Basal cell carcinoma. Photo by: James Heilman, MD via Wikimedia Commons

A pilot study of a new biopsy imaging system has shown high accuracy in diagnosing non-melanoma skin cancer in two minutes—substantially faster than conventional biopsy evaluation.

In the study, published in JAMA Dermatology, the new system uses two-photon fluorescence microscopy to assess samples in as little as two minutes. It was tested on 15 biopsies of known nonmelanoma skin cancer. The researchers were able to detect basal cell carcinoma with perfect accuracy (100% sensitivity and specificity) and squamous cell carcinoma with high accuracy (89% sensitivity and 100% specificity).

Typically, the authors note, biopsied tissue is excised, fixed, paraffinized, stained, and mounted on slides before being evaluated by a dermatopathologist.

“This is how it has been done since the late 19th century,” said study author Michael G. Giacomelli, PhD, in a press release. “Billions and billions of biopsies have been done this way. Everybody is on the same page; it works great. The problem is that it is very slow.” Dr. Giacomelli is an assistant professor of biomedical engineering and optics at the University of Rochester in Rochester, N.Y.

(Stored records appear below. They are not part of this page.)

Lemma sqr_Gdist_le x y s : Gdist x y ^+ 2 <= Gcost x y s.
Proof.
rewrite /Gdist sqr_sqrtr ?bigmin_le //.
by apply: le_bigmin => [|s' _]; apply: sumr_ge0 => i _; apply: sqnorm_ge0.
Qed.

Lemma sqr_Gdist_attained x y : exists s, Gdist x y ^+ 2 = Gcost x y s.
Proof.
rewrite /Gdist sqr_sqrtr; last first.
  by apply: le_bigmin => [|s _]; apply: sumr_ge0 => i _; apply: sqnorm_ge0.
apply: (big_ind (fun r => exists s, r = Gcost x y s)) => [|_ _ [s ->] [s' ->]|s _].
- by exists 1%g.
- by rewrite /Num.min; case: ifP => _; [exists s|exists s'].
- by exists s.
Qed.

(* Both optimal matchings a -> c -> b compose to a matching a -> b whose cost
   meets the lower bound, which forces equality in the triangle inequality. *)
Lemma Gdist_collinear (a b c : Qpt R Q n) (t D2 : R) : 0 <= t <= 1 ->
  Gdist a c ^+ 2 = t ^+ 2 * D2 -> Gdist c b ^+ 2 = (1 - t) ^+ 2 * D2 ->
  Gdist a b ^+ 2 = D2 ->
  exists s sg, Gcost a b sg = D2 /\
    forall i, c (s i) = (1 - t) *: a i + t *: b (sg i).
Proof.
move=> Ht Hac Hcb Hab.
have [s Hs] := sqr_Gdist_attained a c; have [s' Hs'] := sqr_Gdist_attained c b.
pose sg := (s * s')%g; exists s, sg.
pose U (p : 'I_Q * 'I_n) := a p.1 0 p.2 - c (s p.1) 0 p.2.
pose V (p : 'I_Q * 'I_n) := c (s p.1) 0 p.2 - b (sg p.1) 0 p.2.
have SU : \sum_p U p ^+ 2 = t ^+ 2 * D2.
  by rewrite -Hac Hs /Gcost sum_sqnorm_pair; apply: eq_bigr => p _; rewrite !mxE.
have SV : \sum_p V p ^+ 2 = (1 - t) ^+ 2 * D2.
  rewrite -Hcb Hs' /Gcost (reindex_inj (@perm_inj _ s)) sum_sqnorm_pair.
  by apply: eq_bigr => p _; rewrite /V /sg permM !mxE.
have SW : \sum_p (U p + V p) ^+ 2 = Gcost a b sg.
  rewrite /Gcost sum_sqnorm_pair; apply: eq_bigr => p _.
  by rewrite /U /V !mxE addrA subrK.
have [U_eq W_eq] := sum_sqr_triangle_eq Ht SU SV ltac:(by rewrite SW -Hab sqr_Gdist_le).
split=> [|i]; first by rewrite -SW.
apply/matrixP => k j; rewrite ord1 !mxE.
by have := U_eq (i, j); rewrite /U /V /=; lra.
Qed.

Lemma geodesic_interpolation {A B : Qpt R Q n} {g : R -> Qpt R Q n} {t : R} :
  geodesic A B g -> 0 <= t <= 1 ->
  exists s sg, Gcost (g 0) (g 1) sg = Gdist A B ^+ 2 /\
    forall i, g t (s i) = (1 - t) *: g 0 i + t *: g 1 (sg i).
Proof.
case=> _ _ Hg Ht; have /andP[t0 t1] := Ht.
have I0 : 0 <= (0 : R) <= 1 by rewrite lexx ler01.
have I1 : 0 <= (1 : R) <= 1 by rewrite lexx ler01.
apply: Gdist_collinear; rewrite // Hg // exprMn.
- by rewrite subr0 ger0_norm.
- by rewrite ger0_norm // subr_ge0.
- by rewrite subr0 normr1 expr1n mul1r.
Qed.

In his role as a researcher at the University’s Wilmot Cancer Institute, Dr. Giacomelli has been developing the new system, which is small enough to be stored on a portable cart. The goal of the new system is to allow a physician to immediately determine if biopsied tissue is cancerous, which would allow them to “treat the patient during the same visit instead of stretching it out over the next month and multiple visits,” he said.

Dr. Giacomelli is now working closely with Sherrif Ibrahim, MD, PhD, an associate professor of dermatology at the University’s Medical Center, on a larger, 200-patient follow-up study. The larger study uses biopsy samples taken at random at Dr. Ibrahim’s Rochester Dermatological Surgery in nearby Victor, N.Y.

“The goal is to analyze how well the technique works in a real-world scenario, where you have a lot of people coming in and all kinds of things can show up,” Dr. Giacomelli said. “We really want to make sure that there isn’t some bizarre thing that normally has nothing to do with cancer that we somehow confuse with cancer—or something that does have something to do with cancer but we can’t image. You never know what you’re going to find once you start taking random biopsies of people.”